CPG, a unit of NiSource Inc., is undergoing substantial infrastructure growth because of the Marcellus and Utica shales (see Daily GPI, Sept. 8; Aug. 12).

The CPG contract was but one of the new offerings that GE Oil & Gas executives discussed at the company’s initial investor day on Wednesday. The industrial internet is key to all things going forward, said Chief Technology Officer Eric Gebhardt.

“The industrial internet is something that plays well across all oil and gas,” he said. “We are able to invent the sensors and the signal processing that collect data,” and leverages other GE offerings, “and by doing that we get access to more information. This more information will then create the analytics and the algorithms around this based on our domain knowledge.
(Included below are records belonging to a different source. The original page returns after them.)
(* Let $K$ be a flag simplicial complex, let $\succ$ be a hereditary ordering of $K$, and let $r$ be a positive integer. Suppose that for any two simplices $\sigma,\tau\in K$ with $\dim\sigma=\dim\tau=r$ and $\mu(\sigma)=\mu(\tau)$ we have $\sigma\cup\tau\in K$. Then $K$ collapses on a subcomplex of dimension less than $r$.
   Context: $K$ is a finite simplicial complex (family of subsets of a finite vertex set containing $\emptyset$, closed under subsets); $\dim\sigma=|\sigma|-1$. $K$ is flag if any set of vertices pairwise joined by edges of $K$ is a simplex of $K$. For a strict total ordering $\succ$ of $K$ and non-empty $\sigma$, $\mu(\sigma)$ is the $\succ$-largest facet (codimension-one face) of $\sigma$; $\succ$ is hereditary if $\sigma\succ\tau$ whenever $\dim\sigma>\dim\tau$, and $\sigma\succ\tau$ whenever $\mu(\sigma)\succ\mu(\tau)$. A pair of non-empty simplices $(\sigma,\tau)$ is a free pair if $\tau$ is a facet of $\sigma$ and $K\setminus\{\sigma,\tau\}$ is a simplicial complex; removing it is an elementary collapse; $K$ collapses on $L$ if $L$ is obtained by a finite sequence of elementary collapses. *)

From mathcomp Require Import all_boot.
Set Implicit Arguments. Unset Strict Implicit. Unset Printing Implicit Defensive.

(* Simplices are finite sets of vertices of a finite vertex type V;
   a complex is a family K : {set {set V}}.  dim s = #|s| - 1. *)

Section Complexes.
Variable V : finType.
Implicit Types (K L : {set {set V}}) (s t : {set V}).

Definition is_complex K : Prop :=
  set0 \in K /\ forall s t, s \in K -> t \subset s -> t \in K.

(* any set of vertices pairwise joined by edges is a simplex
   (taking x = y also forces every vertex to be a vertex of K) *)
Definition flag K : Prop :=
  forall s, (forall x y, x \in s -> y \in s -> [set x; y] \in K) -> s \in K.

Definition facet t s : bool := (t \subset s) && (#|t|.+1 == #|s|).

Definition strict_total_order K (succ : rel {set V}) : Prop :=
  [/\ ({in K, forall s, ~~ succ s s}),
      (forall s t u, s \in K -> t \in K -> u \in K ->
         succ s t -> succ t u -> succ s u) &
      ({in K &, forall s t, s != t -> succ s t || succ t s})].

Definition mu (succ : rel {set V}) s : {set V} :=
  odflt set0 [pick t | facet t s &&
     [forall t', facet t' s ==> (t' == t) || succ t t']].

Definition hereditary K (succ : rel {set V}) : Prop :=
  {in K &, forall s t, #|t| < #|s| -> succ s t} /\
  {in K &, forall s t, s != set0 -> t != set0 ->
      succ (mu succ s) (mu succ t) -> succ s t}.

Definition free_pair K s t : Prop :=
  [/\ s \in K, t \in K, t != set0, facet t s &
      is_complex (K :\ s :\ t)].

Inductive collapses K : {set {set V}} -> Prop :=
  | collapses_refl : collapses K K
  | collapses_step L s t :
      collapses K L -> free_pair L s t -> collapses K (L :\ s :\ t).

End Complexes.

From mathcomp Require Import all_boot.
Set Implicit Arguments. Unset Strict Implicit. Unset Printing Implicit Defensive.

(* Call u an apex of a simplex Y when Y is the largest facet of u |: Y, and let
   the block of Y be the Boolean interval [Y, Y :|: apexes Y].  The second clause
   of hereditarity shows that Y is the largest simplex of its size inside
   Y :|: apexes Y; hence every simplex Z with at least r vertices lies in the
   block of exactly one r-vertex simplex, the one reached from Z by repeatedly
   taking largest facets.  For #|Y| = r, flagness and the hypothesis on mu make
   Y :|: apexes Y a simplex, so the block lies in K, and an up-closed Boolean
   interval of positive dimension collapses away.  Removing the blocks in
   decreasing order of their bases keeps each of them up-closed, and what remains
   has only simplices with at most r vertices. *)

Lemma exists_greatest (T : finType) (A : {set T}) (R : rel T) :
  (forall x y z, x \in A -> y \in A -> z \in A -> R x y -> R y z -> R x z) ->
  {in A &, forall x y, x != y -> R x y || R y x} ->
  A != set0 -> exists2 m, m \in A & forall a, a \in A -> a != m -> R m a.
Proof.
move=> Rtr Rtot; have [n] := ubnP #|A|.
elim: n A Rtr Rtot => // n IH A Rtr Rtot szA /set0Pn[x xA].
have sub_A : {subset A :\ x <= A} by move=> y /setD1P[].
have inAx a : a \in A -> a != x -> a \in A :\ x by move=> aA ax; rewrite !inE ax.
have [A_x|/(IH _ _ _ _) [] //] := eqVneq (A :\ x) set0.
- by exists x => // a aA /(inAx a aA); rewrite A_x inE.
- by move=> y z t /sub_A ? /sub_A ? /sub_A ?; apply: Rtr.
- by move=> y z /sub_A ? /sub_A ?; apply: Rtot.
- by move: szA; rewrite (cardsD1 x A) xA.
move=> m /setD1P[mx mA] Rm.
have [Rxm|Rmx] := boolP (R x m).
  exists x => // a aA ax; have [-> //|am] := eqVneq a m.
  by apply: Rtr Rxm (Rm a (inAx a aA ax) am).
have {}Rmx : R m x by move: (Rtot _ _ mA xA mx); rewrite (negbTE Rmx) orbF.
exists m => // a aA am; have [-> //|ax] := eqVneq a x.
exact: Rm (inAx a aA ax) am.
Qed.

Section Complexes.
Variable V : finType.
Implicit Types (K L M I : {set {set V}}) (B F W X Z : {set V}) (u : V).

Lemma collapses_trans K L M : collapses K L -> collapses L M -> collapses K M.
Proof. by move=> KL; elim=> // {}M s t _ KM; apply: collapses_step. Qed.

Definition up_closed L I := forall Z X, Z \in L -> X \in I -> X \subset Z -> Z \in I.

Lemma is_complex_setD L I :
  is_complex L -> set0 \notin I -> up_closed L I -> is_complex (L :\: I).
Proof.
case=> L0 Lsub I0 Iup; split; first by rewrite inE I0 L0.
move=> s t /setDP[sL sI] ts; rewrite inE (Lsub s t sL ts) andbT.
by apply: contra sI => tI; apply: Iup ts.
Qed.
“And the domain knowledge is both in the equipment side or emerged in the physics of the equipment but also understanding the process and how our customers use this equipment.”

The pipeline management system to be used by CPG “helps customers proactively make the right decisions at the right time to keep their assets safe,” said Brian Palmer, CEO of the GE Oil & Gas measurement and control arm. “We anticipate transportation pipeline companies using the solution will see operational efficiency improvements in integrity, maintenance, safety and regulatory compliance.”

GE’s midstream pipeline customers in North America are “faced with aging infrastructure, faced with the safety and regulatory concerns, really faced with the challenges that that pipeline industry has around reliability, around accidents, around events,” said Palmer. Some of its customers “asked us to help them integrate current historical pipeline and pipeline equipment condition data with their active demand forecasting and operating data to allow them to try to predict when they need to take a shutdown to drive normally scheduled maintenance” and how to avoid accidents.

“The oil and gas arm “is by far our largest industry,” he said. “When you think about the customers challenges in their operation today you think about more remote and more complex operations, tighter regulations, tighter reporting requirements…and what we see as a skills gap in the industry.

“Frankly, in an aging technical workforce…we think the opportunity is [to take] that data from the machine in process and use it to drive reliability, use it to drive efficiency, use it to drive production optimization.” The simple goal is to eliminate downtime.

Technology is the “enabler for all aspects of the oil and gas cycle,” Palmer added.

An example of GE’s cross technology used by the oil and gas industry is the production optimization solution created for Chevron Corp. It originally was designed for enhanced imaging technology for the healthcare industry. The software platform was reconfigured and now measures “multiple phases coming out of a land-based production well, being able to measure continuously oil, water, gas, sand mix,” said Palmer.

GE is partnering with Chevron on a pilot in Bakersfield, CA, that covers 20,000 producing wells. “We’ve already installed 500 meters in their operations,” he said. “Their target is 3% production improvement on an annual basis because of the ability to balance and optimize those wells.”

GE also is expanding a pilot project with Ferus Natural Gas Fuels and Statoil SA to capture flared gas in North Dakota oilfields and use it to power Statoil ASA drilling rigs. The expansion is the first by Statoil to move into full commercial adoption of the GE/Ferus Last Mile Fueling Solution, which would enable the producer to comply with flaring regulations in the state.